Flowering is one of the most heat-sensitive phases of tomato development [62]. Elevated temperatures during this stage reduce pollen viability, disrupt fruit set, and increase flower abortion, leading to significant yield losses [61,64]. These heat effects can also shift fruit size and quality outcomes in both field and protected cultivation systems [66].

The co-occurrence of heat and drought further compounds the physiological stress. These conditions often induce conflicting plant responses, such as stomatal closure to preserve water, which simultaneously reduces transpiration and cooling capacity and intensifies stress effects [65,67].

Climate models predict that warming may enable the expansion of tomato production to new areas in the western United States. However, in established production zones, shorter growing seasons and faster crop cycles driven by rising temperatures may require the development of cultivars with modified phenological traits, including higher growing degree day (GDD) thresholds and altered flowering times, to maintain yield and harvest predictability [61,62].

Biotic Stresses

Climate change also alters the dynamics of pest and disease pressure in tomato systems, intensifying the biotic stresses that threaten crop health and yield. Rising temperatures can increase the reproductive rates and population densities of key insect pests, such as whiteflies (Bemisia tabaci) and spider mites (Tetranychus urticae), while simultaneously reducing the effectiveness of natural predators and parasitoids by disrupting life-cycle synchrony and heat-induced mortality [65,68].

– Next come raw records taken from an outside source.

(* Let $\theta>1$ be real and let $n$ be a positive integer with $n>\log_2\theta$. Then exactly one of the following holds: (i) $M_\theta(n)=\left\lfloor \frac{n}{\log\theta}-\frac12\right\rfloor$ and $n\notin\mathcal A_\theta$; (ii) $M_\theta(n)=\left\lfloor \frac{n}{\log\theta}+\frac12\right\rfloor$ and $n\in\mathcal A_\theta$.
   Context: $\lfloor x\rfloor$ is the floor of $x$ and $\{x\}=x-\lfloor x\rfloor$ its fractional part; $\log$ is the natural logarithm. For real $\theta>1$ and positive integer $n$, $M_\theta(n)=\left\lfloor 1/\{\theta^{1/n}\}\right\rfloor$ and $M'_\theta(n)=\left\lfloor 1/(\theta^{1/n}-1)\right\rfloor$. The set of atypical numbers is $\mathcal A_\theta=\{n\in\mathbb N: M'_\theta(n)\neq \lfloor n/\log\theta-1/2\rfloor\}$, where $\mathbb N$ is the set of positive integers. *)

From Stdlib Require Import Reals ZArith.
Open Scope R_scope.

(* zfloor x : the greatest integer <= x  (up x is the least integer > x) *)
Definition zfloor (x : R) : Z := (up x - 1)%Z.

Arguments zfloor x%_R.
Definition frac (x : R) : R := x - IZR (zfloor x).

Definition root_n (theta : R) (n : nat) : R := Rpower theta (/ INR n).

Definition M (theta : R) (n : nat) : Z := zfloor (/ frac (root_n theta n)).

Definition M' (theta : R) (n : nat) : Z := zfloor (/ (root_n theta n - 1)).

Definition atypical (theta : R) (n : nat) : Prop :=
  (0 < n)%nat /\ M' theta n <> zfloor (INR n / ln theta - / 2).

(* With t := log theta / n we have 0 < t < log 2, so theta^(1/n) = e^t lies in
   (1, 2); hence {theta^(1/n)} = e^t - 1 and M_theta(n) = M'_theta(n).  The
   elementary bounds 1/t - 1/2 <= 1/(e^t - 1) < 1/t trap M'_theta(n) between
   floor(1/t - 1/2) and floor(1/t + 1/2) = floor(1/t - 1/2) + 1, and n is
   atypical exactly when the upper value is taken. *)

From Stdlib Require Import Reals ZArith Lra Lia.
From Coquelicot Require Import Coquelicot.
Open Scope R_scope.

Lemma zfloor_spec (x : R) : IZR (zfloor x) <= x < IZR (zfloor x) + 1.
Proof.
unfold zfloor; destruct (archimed x); rewrite minus_IZR; lra.
Qed.

Lemma zfloor_unique (x : R) (k : Z) : IZR k <= x < IZR k + 1 -> zfloor x = k.
Proof.
intros [Hk Hk1]; unfold zfloor.
rewrite <- (tech_up x (k + 1)); [lia | rewrite plus_IZR; lra | rewrite plus_IZR; lra].
Qed.

Lemma zfloor_le (x y : R) : x <= y -> (zfloor x <= zfloor y)%Z.
Proof.
intro Hxy; destruct (Z_le_gt_dec (zfloor x) (zfloor y)) as [|Hgt]; auto.
assert (Hle : (zfloor y + 1 <= zfloor x)%Z) by lia.
apply IZR_le in Hle; rewrite plus_IZR in Hle.
pose proof (zfloor_spec x); pose proof (zfloor_spec y); lra.
Qed.

Lemma zfloor_add1 (x : R) : zfloor (x + 1) = (zfloor x + 1)%Z.
Proof.
apply zfloor_unique; rewrite plus_IZR; pose proof (zfloor_spec x); lra.
Qed.

Lemma zfloor_window (a y : R) : a <= y <= a + 1 ->
  zfloor y = zfloor a \/ zfloor y = (zfloor a + 1)%Z.
Proof.
intros [Hay Hya].
apply zfloor_le in Hay; apply zfloor_le in Hya; rewrite zfloor_add1 in Hya; lia.
Qed.

Lemma frac_of_1_2 (x : R) : 1 <= x < 2 -> frac x = x - 1.
Proof.
intro Hx; unfold frac; rewrite (zfloor_unique x 1); [reflexivity | simpl; lra].
Qed.

Definition pade_gap (t : R) : R := (2 + t) * exp (- t / 2) - (2 - t) * exp (t / 2).

Lemma pade_gap_derive (t : R) :
  derivable_pt_lim pade_gap t (t / 2 * (exp (t / 2) - exp (- t / 2))).
Proof.
apply is_derive_Reals; unfold pade_gap; auto_derive; auto.
unfold Rdiv; field.
Qed.

Lemma pade_gap_increasing : increasing pade_gap.
Proof.
pose (pr := fun t => exist _ _ (pade_gap_derive t) : derivable_pt pade_gap t).
apply (nonneg_derivative_1 pade_gap pr); intro t; simpl.
destruct (Rle_lt_dec 0 t) as [Ht | Ht].
- apply Rmult_le_pos; [lra |].
  enough (exp (- t / 2) <= exp (t / 2)) by lra.
  destruct (Req_dec t 0) as [->|]; [right; f_equal; field | left; apply exp_increasing; lra].
- assert (exp (t / 2) < exp (- t / 2)) by (apply exp_increasing; lra).
  assert (t / 2 < 0) by lra.
  nra.
Qed.

(* The diagonal Pade bound e^t <= (2 + t) / (2 - t), multiplied out. *)
Lemma sub2_mul_exp_le (t : R) : 0 <= t -> (2 - t) * exp t <= 2 + t.
Proof.
intro Ht; pose proof (pade_gap_increasing 0 t Ht) as Hgap.
unfold pade_gap in Hgap.
replace (- 0 / 2) with 0 in Hgap by field; replace (0 / 2) with 0 in Hgap by field.
rewrite exp_0 in Hgap.
assert (Hinv : exp (- t / 2) * exp (t / 2) = 1)
  by (rewrite <- exp_plus, <- exp_0; f_equal; field).
assert (Hsq : exp (t / 2) * exp (t / 2) = exp t)
  by (rewrite <- exp_plus; f_equal; field).
pose proof (exp_pos (t / 2)).
nra.
Qed.

Lemma inv_expm1_lt_inv (t : R) : 0 < t -> / (exp t - 1) < / t.
Proof.
intro Ht; pose proof (exp_ineq1 t ltac:(lra)).
apply Rinv_lt_contravar; nra.
Qed.

Lemma inv_sub_half_le_inv_expm1 (t : R) : 0 < t -> / t - / 2 <= / (exp t - 1).
Proof.
intro Ht; pose proof (exp_ineq1 t ltac:(lra)); pose proof (sub2_mul_exp_le t (Rlt_le _ _ Ht)).
replace (/ t - / 2) with ((2 - t) / (2 * t)) by (field; lra).
apply (Rmult_le_reg_r (2 * t * (exp t - 1))); [nra |].
replace (/ (exp t - 1) * (2 * t * (exp t - 1))) with (2 * t) by (field; lra).
replace ((2 - t) / (2 * t) * (2 * t * (exp t - 1))) with ((2 - t) * (exp t - 1))
  by (field; lra).
lra.
Qed.

Lemma root_n_exp (theta : R) (n : nat) :
  0 < theta -> root_n theta n = exp (ln theta / INR n).
Proof.
intro; unfold root_n, Rpower; f_equal; unfold Rdiv; ring.
Qed.

Lemma M'_zfloor_expm1 (theta : R) (n : nat) :
  0 < theta -> M' theta n = zfloor (/ (exp (ln theta / INR n) - 1)).
Proof.
intro; unfold M'; rewrite root_n_exp; auto.
Qed.

Lemma M_eq_M' (theta : R) (n : nat) :
  0 < theta -> 0 < ln theta / INR n < ln 2 -> M theta n = M' theta n.
Proof.
intros Htheta [Ht Ht2]; unfold M, M'; rewrite root_n_exp by assumption.
pose proof (exp_ineq1 (ln theta / INR n) ltac:(lra)).
assert (exp (ln theta / INR n) < 2) by (rewrite <- (exp_ln 2) by lra; apply exp_increasing; lra).
rewrite frac_of_1_2 by lra; reflexivity.
Qed.

Lemma ln_ratio_bounds (theta : R) (n : nat) :
  1 < theta -> (0 < n)%nat -> ln theta / ln 2 < INR n ->
  0 < ln theta / INR n < ln 2.
Proof.
intros Htheta Hn Hlt.
assert (0 < ln theta) by (rewrite <- ln_1; apply ln_increasing; lra).
assert (0 < ln 2) by (rewrite <- ln_1; apply ln_increasing; lra).
assert (0 < INR n) by (apply lt_0_INR; lia).
split; [apply Rdiv_lt_0_compat; lra |].
apply (Rmult_lt_reg_r (INR n)); [assumption |].
apply (Rmult_lt_reg_l (/ ln 2)); [apply Rinv_0_lt_compat; lra |].
replace (/ ln 2 * (ln theta / INR n * INR n)) with (ln theta / ln 2) by (field; lra).
replace (/ ln 2 * (ln 2 * INR n)) with (INR n) by (field; lra).
assumption.
Qed.

Lemma zfloor_add_half (y : R) : zfloor (y + / 2) = (zfloor (y - / 2) + 1)%Z.
Proof.
rewrite <- zfloor_add1; f_equal; field.
Qed.

Lemma zfloor_inv_expm1_window (t : R) : 0 < t ->
  zfloor (/ (exp t - 1)) = zfloor (/ t - / 2) \/
  zfloor (/ (exp t - 1)) = zfloor (/ t + / 2).
Proof.
intro Ht; rewrite zfloor_add_half.
apply zfloor_window; split.
- apply inv_sub_half_le_inv_expm1; assumption.
- pose proof (inv_expm1_lt_inv t Ht); lra.
Qed.

Lemma M'_window (theta : R) (n : nat) :
  1 < theta -> (0 < n)%nat -> ln theta / ln 2 < INR n ->
  M' theta n = zfloor (INR n / ln theta - / 2) \/
  M' theta n = zfloor (INR n / ln theta + / 2).
Proof.
intros Htheta Hn Hlt.
pose proof (ln_ratio_bounds theta n Htheta Hn Hlt) as [Ht _].
assert (0 < ln theta) by (rewrite <- ln_1; apply ln_increasing; lra).
assert (0 < INR n) by (apply lt_0_INR; lia).
replace (INR n / ln theta) with (/ (ln theta / INR n)) by (field; lra).
rewrite M'_zfloor_expm1 by lra.
exact (zfloor_inv_expm1_window _ Ht).
Qed.

Theorem theorem1 (theta : R) (n : nat) :
  1 < theta -> (0 < n)%nat -> ln theta / ln 2 < INR n ->
  ((M theta n = zfloor (INR n / ln theta - / 2) /\ ~ atypical theta n) /\
   ~ (M theta n = zfloor (INR n / ln theta + / 2) /\ atypical theta n))
  \/
  ((M theta n = zfloor (INR n / ln theta + / 2) /\ atypical theta n) /\
   ~ (M theta n = zfloor (INR n / ln theta - / 2) /\ ~ atypical theta n)).
Proof.
intros Htheta Hn Hlt.
pose proof (ln_ratio_bounds theta n Htheta Hn Hlt) as Hratio.
rewrite (M_eq_M' theta n) by (assumption || lra).
pose proof (zfloor_add_half (INR n / ln theta)).
unfold atypical.
destruct (M'_window theta n Htheta Hn Hlt) as [|]; [left | right];
  repeat split; intuition lia.
Qed.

One particularly concerning example is the spread and severity of Tomato Yellow Leaf Curl Virus (TYLCV, a whitefly transmitted begomovirus. Warmer and drier conditions accelerate whitefly reproduction and viral transmission rates while expanding the geographic range of both vectors and pathogens [69–71]. Heat and drought stress can suppress plant immune signaling pathways, including systemic acquired resistance (SAR) and induced systemic resistance (ISR), further increasing susceptibility to a broad array of pathogens [66,70]. Higher soil temperatures and poor drainage may promote the proliferation of soil-borne pathogens, such as Fusarium oxysporum and Ralstonia solanacearum, raising the risk of vascular and bacterial wilt in vulnerable fields [72,73].

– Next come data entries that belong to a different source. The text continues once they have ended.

(* Consider the scheme (EQRF1) $$y_{n+1}=e^{\tau A}y_n+\tau\varphi_1(\tau A)\,h\bigl((t_n+c_1\tau)^r\bigr),\qquad n=0,\dots,N-1,$$ started from the exact initial value $y_0$, with a collocation point $c_1\in[0,1]$, and let $\epsilon_n=y(t_n)-y_n$. Then: \begin{enumerate} \item if $h$ is differentiable on $[0,\infty)$ with bounded derivative, then $\|\epsilon_n\|\le C\tau$; \item if $h$ is twice differentiable on $[0,\infty)$ with bounded derivatives $h',h''$, if $h'(x)\in\mathcal{D}(A)$ for all $x\ge0$ with $x\mapsto Ah'(x)$ bounded, and if $c_1=\tfrac12$, then $\|\epsilon_n\|\le C\tau^{1+r}$. \end{enumerate} In both cases the bound holds for all $N\in\mathbb{N}$ and all $0\le n\le N$, with a constant $C$ that may depend on $T$, $r$, $h$ and the semigroup bound, but not on $n$ or $\tau$.
   Context: $(X,\|\cdot\|)$ is a Banach space and $A:\mathcal{D}(A)\subset X\to X$ is a linear operator generating a strongly continuous semigroup $\{e^{tA}\}_{t\ge0}$ on $X$. Fix $T>0$, $0<r<1$, $y_0\in X$ and $h:[0,\infty)\to X$. The problem is $y'(t)=Ay(t)+h(t^r)$, $y(0)=y_0$, $t\in[0,T]$, whose (mild) solution is given by the variation-of-constants formula $y(t)=e^{tA}y_0+\int_0^te^{(t-s)A}h(s^r)\,ds$; equivalently $y(t_{n+1})=e^{\tau A}y(t_n)+\int_0^\tau e^{(\tau-s)A}h((t_n+s)^r)\,ds$. Time grid: $N\in\mathbb{N}$, $\tau=T/N$, $t_n=n\tau$. The operator $\varphi_1(\tau A)$ is defined by $\tau\varphi_1(\tau A)v=\int_0^\tau e^{(\tau-s)A}v\,ds$ for $v\in X$. *)

From Stdlib Require Import Reals Lra.
From Coquelicot Require Import Coquelicot.
Open Scope R_scope.
Lemma homsP (S : {set V}) (f : {ffun V -> 'Z_n}) :
  reflect ((forall x, x \notin S -> f x = 0) /\
           (forall x y, x \in S -> y \in S -> f (x + y) = f x + f y))
          (f \in homs S).
Proof.
rewrite inE; apply: (iffP andP) => [[/forallP f0 /forall_inP fD]|[f0 fD]]; split.
- by move=> x Sx; apply/eqP; have /implyP := f0 x; apply.
- by move=> x y Sx Sy; have /forall_inP/(_ y Sy)/eqP := fD x Sx.
- by apply/forallP => x; apply/implyP => /f0 ->.
- by apply/forall_inP => x Sx; apply/forall_inP => y Sy; rewrite fD.
Qed.

Lemma homs0 (S : {set V}) f : (0 : V) \in S -> f \in homs S -> f 0 = 0.
Proof. by move=> S0 /homsP[_ fD]; apply: (addrI (f 0)); rewrite -fD // !addr0. Qed.

Lemma homsMn (S : {set V}) f g k : subgroup S -> f \in homs S -> g \in S ->
  f (g *+ k) = f g *+ k.
Proof.
move=> S_sub hf Sg; elim: k => [|k IH].
  by rewrite !mulr0n (homs0 _ hf) //; case: S_sub.
by case/homsP: hf => _ fD; rewrite !mulrS fD ?IH // subgroupMn.
Qed.

(* A homomorphism on M + <g> is determined by its restriction to M and its
   value z at g; given the restriction psi, z satisfies z *+ m = psi (g *+ m),
   so it ranges over a coset of the m-torsion of 'Z_n, of size at most m. *)
Lemma card_homs_adjoin (M : {set V}) g : subgroup M ->
  (#|homs (adjoin M g)| <= adjoin_index M g * #|homs M|)%N.
Proof.
move=> M_sub; set E := adjoin M g; set m := adjoin_index M g.
have [m_gt0 gm _] := adjoin_indexP g M_sub.
have E_sub : subgroup E := adjoin_subgroup g M_sub.
have sME : M \subset E := sub_adjoin g M_sub.
have Eg : g \in E := mem_adjoin_gen g M_sub.
pose restr (f : {ffun V -> 'Z_n}) : {ffun V -> 'Z_n} := [ffun x => if x \in M then f x else 0].
pose root (psi : {ffun V -> 'Z_n}) := odflt 0 [pick z : 'Z_n | z *+ m == psi (g *+ m)].
pose F f := (restr f, f g - root (restr f)).
have F_inj : {in homs E &, injective F}.
  move=> f1 f2 hf1 hf2 e; have e_restr : restr f1 = restr f2 := congr1 fst e.
  have e_val := congr1 snd e; rewrite /= e_restr in e_val.
  have e_g : f1 g = f2 g by apply: (addIr (- root (restr f2))).
  apply/ffunP => x; case: (boolP (x \in E)) => Ex; last first.
    by case/homsP: hf1 => -> //; case/homsP: hf2 => -> //.
  case/adjoinP: Ex => u [k [Mu ->]].
  have Eu : u \in E := subsetP sME u Mu.
  have Egk : g *+ k \in E by apply: subgroupMn.
  case/homsP: (hf1) => _ f1D; case/homsP: (hf2) => _ f2D.
  rewrite f1D // f2D // (homsMn k E_sub hf1 Eg) (homsMn k E_sub hf2 Eg) e_g.
  by have := congr1 (fun h : {ffun V -> 'Z_n} => h u) e_restr; rewrite !ffunE Mu => ->.
have F_range : F @: homs E \subset setX (homs M) [set z : 'Z_n | z *+ m == 0%R].
  apply/subsetP => _ /imsetP[f hf ->]; rewrite in_setX.
  have f_gm : f (g *+ m) = f g *+ m := homsMn m E_sub hf Eg.
  case/homsP: (hf) => f0 fD; apply/andP; split.
    apply/homsP; split=> [x Mx|x y Mx My]; first by rewrite ffunE (negbTE Mx).
    by rewrite !ffunE Mx My subgroupD // fD // (subsetP sME).
  rewrite inE /root; case: pickP => [z /eqP z_root|no_root]; last first.
    by have := no_root (f g); rewrite ffunE gm f_gm eqxx.
  by rewrite mulrnBl z_root ffunE gm f_gm subrr.
rewrite -(card_in_imset F_inj); apply: leq_trans (subset_leq_card F_range) _.
by rewrite cardsX mulnC leq_mul2r card_kernel_mulrn ?orbT.
Qed.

These climate-driven shifts in pest and pathogen dynamics require adaptive and predictive integrated pest-management (IPM) strategies. Tools such as real-time forecasting, breeding for broad-spectrum resistance, and habitat conservation of beneficial arthropods are essential for building climate-resilient tomato systems [63,74,75].

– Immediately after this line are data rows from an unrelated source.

(* Let $A$ and $B$ be automata with $A\le_{*T}B$. Then (1) there exist automata $C,D$ with $A\le_H C$, $C\le_P D$ and $D\le_R B$; (2) if moreover $B$ has finite invisible nondeterminism, then there exist automata $C,D$ with $A\le_H C$, $C\le_{iP} D$ and $D\le_R B$.
   Context: An automaton $A$ consists of a set $\mathrm{states}(A)$ of states, a nonempty set $\mathrm{start}(A)\subseteq\mathrm{states}(A)$ of start states, a set $\mathrm{acts}(A)$ of actions containing a distinguished internal action $\tau$, and a set $\mathrm{steps}(A)\subseteq\mathrm{states}(A)\times\mathrm{acts}(A)\times\mathrm{states}(A)$ of steps; write $s\xrightarrow{a}_A t$ for $(s,a,t)\in\mathrm{steps}(A)$. An execution fragment of $A$ is a finite or infinite alternating sequence $s_0a_1s_1a_2s_2\cdots$ of states and actions, beginning with a state and, if finite, ending with a state, such that $s_{i-1}\xrightarrow{a_i}_A s_i$ for all $i>0$. An execution is an execution fragment whose first state is a start state. The trace of an execution fragment is the subsequence of its non-$\tau$ actions; a trace of $A$ is the trace of some execution of $A$, and $\mathrm{traces}^*(A)$ is the set of finite traces of $A$. $A\le_{*T}B$ means $\mathrm{traces}^*(A)\subseteq\mathrm{traces}^*(B)$. For states $s,t$ and a finite sequence $\beta$ of non-$\tau$ actions, write $s\stackrel{\beta}{\Rightarrow}_A t$ if $A$ has a finite execution fragment starting in $s$, with trace $\beta$, ending in $t$. $A$ has finite invisible nondeterminism if $\mathrm{start}(A)$ is finite and for every state $s$ and finite sequence $\beta$ of non-$\tau$ actions there are only finitely many $t$ with $s\stackrel{\beta}{\Rightarrow}_A t$. For a relation $R$ write $R[s]=\{u\mid (s,u)\in R\}$; $R$ is image-finite if every $R[s]$ is finite. A step refinement from $A$ to $B$ is a partial function $r:\mathrm{states}(A)\rightharpoonup\mathrm{states}(B)$ such that (1) if $s\in\mathrm{start}(A)$ then $s\in\mathrm{dom}(r)$ and $r(s)\in\mathrm{start}(B)$; (2) if $s\xrightarrow{a}_A t$ and $s\in\mathrm{dom}(r)$ then $t\in\mathrm{dom}(r)$ and either $r(s)=r(t)$ and $a=\tau$, or $r(s)\xrightarrow{a}_B r(t)$. Write $A\le_R B$ if one exists. A normed forward simulation from $A$ to $B$ is a pair $(f,n)$ where $f\subseteq\mathrm{states}(A)\times\mathrm{states}(B)$ and $n:\mathrm{steps}(A)\times\mathrm{states}(B)\to S$ for some set $S$ with a well-founded strict order $<$, such that: (1) if $s\in\mathrm{start}(A)$ then $f[s]\cap\mathrm{start}(B)\neq\emptyset$; (2) if $s\xrightarrow{a}_A t$ and $u\in f[s]$ then (a) $u\in f[t]$ and $a=\tau$, or (b) there is $v\in f[t]$ with $u\xrightarrow{a}_B v$, or (c) there is $v\in f[s]$ with $u\xrightarrow{\tau}_B v$ and $n(s\xrightarrow{a}t,v)<n(s\xrightarrow{a}t,u)$. A normed backward simulation from $A$ to $B$ is a pair $(b,n)$ where $b\subseteq\mathrm{states}(A)\times\mathrm{states}(B)$ is total (every $s\in\mathrm{states}(A)$ has $b[s]\neq\emptyset$) and $n:(\mathrm{steps}(A)\cup\mathrm{start}(A))\times\mathrm{states}(B)\to S$ for some set $S$ with a well-founded strict order $<$, such that: (1) if $s\in\mathrm{start}(A)$ and $u\in b[s]$ then (a) $u\in\mathrm{start}(B)$, or (b) there is $v\in b[s]$ with $v\xrightarrow{\tau}_B u$ and $n(s,v)<n(s,u)$; (2) if $t\xrightarrow{a}_A s$ and $u\in b[s]$ then (a) $u\in b[t]$ and $a=\tau$, or (b) there is $v\in b[t]$ with $v\xrightarrow{a}_B u$, or (c) there is $v\in b[s]$ with $v\xrightarrow{\tau}_B u$ and $n(t\xrightarrow{a}s,v)<n(t\xrightarrow{a}s,u)$. A normed history relation from $A$ to $B$ is a pair $(r,n)$ such that $r$ is a step refinement from $B$ to $A$ and $(r^{-1},n)$ is a normed forward simulation from $A$ to $B$; write $A\le_H B$ if one exists. A normed prophecy relation from $A$ to $B$ is a pair $(r,n)$ such that $r$ is a step refinement from $B$ to $A$ and $(r^{-1},n)$ is a normed backward simulation from $A$ to $B$; write $A\le_P B$ if one exists, and $A\le_{iP}B$ if one exists with $r^{-1}$ image-finite. *)

From mathcomp Require Import all_boot.
From Stdlib Require List.

Set Implicit Arguments.
Unset Strict Implicit.
Unset Printing Implicit Defensive.

Record automaton (Act : eqType) (tau : Act) : Type := Automaton {
  states : Type;
  start : states -> Prop;
  start_nonempty : exists s, start s;
  acts : Act -> Prop;
  acts_tau : acts tau;
  steps : states -> Act -> states -> Prop;
  steps_acts : forall s a t, steps s a t -> acts a
}.

Arguments automaton : clear implicits.
Arguments states {Act tau}.
Arguments start {Act tau}.
Arguments acts {Act tau}.
Arguments steps {Act tau}.

Section Defs.
Variables (Act : eqType) (tau : Act).
Notation aut := (automaton Act tau).

(* A finite execution fragment starting in [s] is given by [s] and the list
   [(a1,s1); (a2,s2); ...] with s_{i-1} -a_i-> s_i. *)
Fixpoint frag_ok (A : aut) (s : states A) (l : seq (Act * states A)%type) : Prop :=
  match l with
  | [::] => True
  | (a, t) :: l' => steps A s a t /\ frag_ok t l'
  end.

Definition frag_last (A : aut) (s : states A) (l : seq (Act * states A)%type) : states A :=
  last s [seq p.2 | p <- l].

EMERGING TRENDS IN CLIMATE-SMART BREEDING FOR ORGANIC TOMATOES: INTEGRATING GENETICS, MICROBIOMES, GRAFTING, AND AGROECOLOGICAL MANAGEMENT

Organic agriculture advances sustainability by protecting ecosystem integrity. It improves soil fertility and structure, reducing pollution and nitrate leaching, increasing carbon sequestration. It lowers lowering energy and greenhouse-gas footprints while also supporting social well-being and economic resilience through reduced pesticide harms, stronger rural employment, and smallholder livelihoods; governance is reinforced through certification, transparency, and traceability enabled by organic standards and labeling [17,22,23,76]. In parallel, FAO’s climate-smart agriculture (CSA) framework calls for integrated approaches that increase productivity, strengthen adaptation and resilience, and reduce emissions where feasible [77]. Together, these perspectives highlight why breeding and innovation priorities increasingly center on climate-resilient cultivars: tolerant to drought, heat, salinity, and erratic rainfall, since these traits are becoming essential for both organic and conventional systems under intensifying climate instability [16,63,76,78].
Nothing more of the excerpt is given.